X86-64 uses LLVM, so you could start with codegen_llvm.cc. codegen_cpu.cc is derived from codegen_llvm, and codegen_x86_64.cc is further derived from codegen_cpu. Most of the codegen happens in the first two files, whatever is not handled by codegen_cpu is dealt with in codegen_llvm. The last one, codegen_x86_64 is only there to generate some vector intrinsics.
They all work in a similar way: they have visitor functions that are called for each element (statement or expression) of the TVM/Halide IR, and generate the corresponding LLVM IR. For example,

llvm::Value* CodeGenLLVM::VisitExpr_(const And* op) {
  return builder_->CreateAnd(MakeValue(op->a), MakeValue(op->b));

This is one of the simplest functions in there, but illustrates the concept: MakeValue takes an expression (in TVM/Halide IR) and returns the corresponding llvm::Value. Then the call to CreateAnd creates an And operator in LLVM IR, using the llvm::Value values returned by MakeValue.
Many of the translations are not so straightforward, so the “Visit” functions are more complicated, but the concept remains more or less the same.

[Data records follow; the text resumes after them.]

(* By normality, [K <= Q <= closure Q <= W] for some open [Q]; then take for
   [V] the complement of the upper hull of [~` Q] and for [L] the lower hull
   of [closure Q]. *)
Lemma lower_interpolation (K W : set X) :
  closed K -> open W -> lower_set le K -> lower_set le W -> K `<=` W ->
  exists VL : set X * set X, interpolates K W VL.1 VL.2.
Proof.
move=> cK oW loK loW KW; have [lerefl letrans] := preX.
have nbhsW : set_nbhs K W by apply/set_nbhsP; exists W; split.
have [P nbhsP clPW] := compact_normal hX cX cK nbhsW.
have [Q [oQ KQ QP]] := (set_nbhsP K P).1 nbhsP.
have clQW : closure Q `<=` W := subset_trans (closureS QP) clPW.
exists (~` [set y | exists2 z, (~` Q) z & le z y],
        [set y | exists2 z, closure Q z & le y z]).
split=> /=.
- by apply/closed_openC/closed_upper_hull => //; exact: open_closedC.
- by apply: closed_lower_hull => //; exact: closed_closure.
- by move=> x y xy nUy [z nQz zx]; apply: nUy; exists z => //; exact: letrans xy.
- by move=> x y xy [z Qz yz]; exists z => //; exact: letrans yz.
split.
- by move=> x Kx [z nQz zx]; apply: nQz; apply/KQ/(loK _ _ zx).
- move=> x nUx; exists x; last exact: lerefl.
  by apply: subset_closure; apply: contrapT => nQx; apply: nUx; exists x.
- by move=> x [z Qz xz]; apply: (loW _ _ xz); exact: clQW.
Qed.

Thank you for your answer and I have helped a lot. I have been reading the code in these two days.I suddenly have a question about whether Halide IR was converted to LLVM IR in CodeGen. Is this step already using LLVM?


Yes, codegen converts Halide IR into LLVM IR.


Thank you very much for your help, but I still have some questions. If you have WeChat or other communication software, can you give me a convenient way to communicate?


No, sorry. Feel free to ask more questions on this forum, this way other people with the same questions can benefit from it.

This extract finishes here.